* **PROBLEM TO SOLVE**
What are the lines of the listing below, word for word, from the first down to the one that contains "fun h => f h"?

* **DATA SECTION**
= = = = = = =

(* Let $H$ be a Heyting algebra and $f,g:H\to H$ monotone polynomials such that $\mu.f=f^m(\bot)$ and $\mu.g=g^n(\bot)$ for some $m,n\ge0$. Then $\mu.(f\wedge g)=(f\wedge g)^{m+n-1}(\bot)$, with the convention $k^{j}(\bot)=\bot$ for $j<0$.
   Context: A function $f:H\to H$ is a polynomial if there exist an IPC formula $\phi$, a variable $x$ and a valuation $v$ in $H$ of the other variables of $\phi$ such that $f(h)=[\![\phi]\!]_{(v,h/x)}$ for all $h$. $f\wedge g$ is the pointwise meet; $\mu$ denotes least fixed point. *)

From HB Require Import structures.
From mathcomp Require Import all_boot all_order.
Set Implicit Arguments. Unset Strict Implicit. Unset Printing Implicit Defensive.
Import Order.TTheory.
Local Open Scope order_scope.

Record heytingAlgebra := HeytingAlgebra {
  ha_disp : Order.disp_t;
  ha_sort : tbLatticeType ha_disp;
  ha_imp : ha_sort -> ha_sort -> ha_sort;
  ha_impP : forall a b x : ha_sort, (x `&` a <= b) = (x <= ha_imp a b)
}.
Coercion ha_sort : heytingAlgebra >-> tbLatticeType.

Inductive ipc_formula : Type :=
  | FVar of nat
  | FBot
  | FTop
  | FAnd of ipc_formula & ipc_formula
  | FOr of ipc_formula & ipc_formula
  | FImp of ipc_formula & ipc_formula.

Fixpoint ipc_eval (H : heytingAlgebra) (v : nat -> H) (phi : ipc_formula) : H :=
  match phi with
  | FVar i => v i
  | FBot => \bot
  | FTop => \top
  | FAnd p q => ipc_eval v p `&` ipc_eval v q
  | FOr p q => ipc_eval v p `|` ipc_eval v q
  | FImp p q => ha_imp (ipc_eval v p) (ipc_eval v q)
  end.

Definition upd_val (H : heytingAlgebra) (v : nat -> H) (x : nat) (h : H) : nat -> H :=
  fun i => if i == x then h else v i.

Definition is_polynomial (H : heytingAlgebra) (f : H -> H) : Prop :=
  exists (phi : ipc_formula) (x : nat) (v : nat -> H),
    forall h : H, f h = ipc_eval (upd_val v x h) phi.

Definition monotone (H : heytingAlgebra) (f : H -> H) : Prop :=
  forall a b : H, a <= b -> f a <= f b.

Definition is_lfp (H : heytingAlgebra) (f : H -> H) (a : H) : Prop :=
  f a = a /\ forall b : H, f b = b -> a <= b.

Definition fmeet (H : heytingAlgebra) (f g : H -> H) : H -> H :=
  fun h => f h `&` g h.

(* Polynomials are compatible with meets: if [c `&` a = c `&` b] then
   [c `&` f a <= f b], by induction on the formula (for implication, use the
   hypothesis in both directions).  Hence [f^i(bot) `&` g^(j+1)(bot)]
   bounds [f] of the [(i+j)]-th iterate of [f /\ g], and by induction
   [f^m(bot) `&` g^n(bot) <= (f /\ g)^(m+n-1)(bot)].  Conversely every iterate
   of [f /\ g] lies below the prefixed point [mu.f `&` mu.g], so the two agree,
   and this common value is a fixed point. *)
From mathcomp Require Import all_boot all_order.
Set Implicit Arguments.
Unset Strict Implicit.
Unset Printing Implicit Defensive.
Local Open Scope order_scope.
Import Order.TTheory.

Section HeytingPolynomials.
Variable H : heytingAlgebra.
Implicit Types (a b c : H) (f g h : H -> H).

Lemma ha_imp_meet_le a b : ha_imp a b `&` a <= b.
Proof. by rewrite ha_impP. Qed.

Lemma ha_meetUr_le a b c : c `&` (a `|` b) <= (c `&` a) `|` (c `&` b).
Proof.
by rewrite meetC ha_impP leUx -!ha_impP !(meetC _ c) leUl leUr.
Qed.

Lemma ipc_eval_upd_meet_le (v : nat -> H) (x : nat) (phi : ipc_formula) a b c :
  c `&` a = c `&` b ->
  c `&` ipc_eval (upd_val v x a) phi <= ipc_eval (upd_val v x b) phi.
Proof.
elim: phi a b => [i||| p IHp q IHq | p IHp q IHq | p IHp q IHq] a b E /=.
- by rewrite /upd_val; case: (i == x); rewrite ?E leIr.
- exact: leIr.
- exact: lex1.
- rewrite lexI; apply/andP; split.
    by apply: le_trans (IHp _ _ E); apply: leI2 => //; apply: leIl.
  by apply: le_trans (IHq _ _ E); apply: leI2 => //; apply: leIr.
- by apply: le_trans (ha_meetUr_le _ _ _) _; apply: leU2; [apply: IHp | apply: IHq].
- rewrite -ha_impP; apply: le_trans (IHq _ _ E).
  have Pb_le_Pa := IHp _ _ (esym E).
  rewrite lexI; apply/andP; split; first by rewrite -meetA; apply: leIl.
  apply: le_trans (ha_imp_meet_le _ _); rewrite lexI; apply/andP; split.
    by rewrite -meetA meetCA; apply: leIl.
  by apply: le_trans Pb_le_Pa; apply: leI2 => //; apply: leIl.
Qed.

Lemma polynomial_meet_le f a b c :
  is_polynomial f -> c `&` a = c `&` b -> c `&` f a <= f b.
Proof. by move=> [phi [x [v fE]]]; rewrite !fE; apply: ipc_eval_upd_meet_le. Qed.

Lemma polynomial_meet_shift f a b c :
  is_polynomial f -> monotone f -> a `&` c <= b -> f a `&` c <= f b.
Proof.
move=> pf mf acb; rewrite meetC; apply: le_trans (mf _ _ acb).
by apply: polynomial_meet_le => //; rewrite meetCA meetxx meetC.
Qed.

Lemma fmeet_monotone f g : monotone f -> monotone g -> monotone (fmeet f g).
Proof. by move=> mf mg a b ab; apply: leI2; [apply: mf | apply: mg]. Qed.

Lemma iter_bot_le_prefixpoint h b k :
  monotone h -> h b <= b -> iter k h \bot <= b.
Proof.
move=> mh hb; elim: k => [|k IH] /=; first exact: le0x.
exact: le_trans (mh _ _ IH) hb.
Qed.

Lemma iter_bot_le_succ h k : monotone h -> iter k h \bot <= iter k.+1 h \bot.
Proof. by move=> mh; elim: k => [|k IH] /=; [apply: le0x | apply: mh]. Qed.

Lemma is_lfp_iter_bot h k :
  monotone h -> h (iter k h \bot) <= iter k h \bot -> is_lfp h (iter k h \bot).
Proof.
move=> mh hK; split; first by apply: le_anti; rewrite hK iter_bot_le_succ.
by move=> b hb; apply: iter_bot_le_prefixpoint => //; rewrite hb.
Qed.

Lemma iter_meet_le_iter_fmeet f g i j :
  is_polynomial f -> is_polynomial g -> monotone f -> monotone g ->
  iter i f \bot `&` iter j g \bot <= iter (i + j).-1 (fmeet f g) \bot.
Proof.
move=> pf pg mf mg; elim: i j => [|i IHi] j; first by rewrite meet0x le0x.
elim: j => [|j IHj]; first by rewrite meetx0 le0x.
rewrite addSn addnS /= lexI; apply/andP; split.
  by apply: polynomial_meet_shift => //; have := IHi j.+1; rewrite addnS.
rewrite meetC; apply: polynomial_meet_shift => //.
by rewrite meetC; have := IHj; rewrite addSn.
Qed.

End HeytingPolynomials.

Theorem mainTheorem18 (H : heytingAlgebra) (f g : H -> H) (m n : nat) :
  is_polynomial f -> is_polynomial g -> monotone f -> monotone g ->
  is_lfp f (iter m f \bot) -> is_lfp g (iter n g \bot) ->
  is_lfp (fmeet f g) (iter (m + n).-1 (fmeet f g) \bot).
Proof.
move=> pf pg mf mg [+ _] [+ _].
set F := iter m f \bot; set G := iter n g \bot => fF gG.
have mh := fmeet_monotone mf mg.
have hFG : fmeet f g (F `&` G) <= F `&` G.
  by rewrite -{2}fF -{2}gG; apply: leI2; [apply: mf; apply: leIl | apply: mg; apply: leIr].
have K_eq : iter (m + n).-1 (fmeet f g) \bot = F `&` G.
  by apply: le_anti; rewrite iter_bot_le_prefixpoint // iter_meet_le_iter_fmeet.
by apply: is_lfp_iter_bot => //; rewrite K_eq.
Qed.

= = = = = = =

* **EXERCISE RESPONSE**
(* Let $H$ be a Heyting algebra and $f,g:H\to H$ monotone polynomials such that $\mu.f=f^m(\bot)$ and $\mu.g=g^n(\bot)$ for some $m,n\ge0$. Then $\mu.(f\wedge g)=(f\wedge g)^{m+n-1}(\bot)$, with the convention $k^{j}(\bot)=\bot$ for $j<0$.
   Context: A function $f:H\to H$ is a polynomial if there exist an IPC formula $\phi$, a variable $x$ and a valuation $v$ in $H$ of the other variables of $\phi$ such that $f(h)=[\![\phi]\!]_{(v,h/x)}$ for all $h$. $f\wedge g$ is the pointwise meet; $\mu$ denotes least fixed point. *)

From HB Require Import structures.
From mathcomp Require Import all_boot all_order.
Set Implicit Arguments. Unset Strict Implicit. Unset Printing Implicit Defensive.
Import Order.TTheory.
Local Open Scope order_scope.

Record heytingAlgebra := HeytingAlgebra {
  ha_disp : Order.disp_t;
  ha_sort : tbLatticeType ha_disp;
  ha_imp : ha_sort -> ha_sort -> ha_sort;
  ha_impP : forall a b x : ha_sort, (x `&` a <= b) = (x <= ha_imp a b)
}.
Coercion ha_sort : heytingAlgebra >-> tbLatticeType.

Inductive ipc_formula : Type :=
  | FVar of nat
  | FBot
  | FTop
  | FAnd of ipc_formula & ipc_formula
  | FOr of ipc_formula & ipc_formula
  | FImp of ipc_formula & ipc_formula.

Fixpoint ipc_eval (H : heytingAlgebra) (v : nat -> H) (phi : ipc_formula) : H :=
  match phi with
  | FVar i => v i
  | FBot => \bot
  | FTop => \top
  | FAnd p q => ipc_eval v p `&` ipc_eval v q
  | FOr p q => ipc_eval v p `|` ipc_eval v q
  | FImp p q => ha_imp (ipc_eval v p) (ipc_eval v q)
  end.

Definition upd_val (H : heytingAlgebra) (v : nat -> H) (x : nat) (h : H) : nat -> H :=
  fun i => if i == x then h else v i.

Definition is_polynomial (H : heytingAlgebra) (f : H -> H) : Prop :=
  exists (phi : ipc_formula) (x : nat) (v : nat -> H),
    forall h : H, f h = ipc_eval (upd_val v x h) phi.

Definition monotone (H : heytingAlgebra) (f : H -> H) : Prop :=
  forall a b : H, a <= b -> f a <= f b.

Definition is_lfp (H : heytingAlgebra) (f : H -> H) (a : H) : Prop :=
  f a = a /\ forall b : H, f b = b -> a <= b.

Definition fmeet (H : heytingAlgebra) (f g : H -> H) : H -> H :=
  fun h => f h `&` g h.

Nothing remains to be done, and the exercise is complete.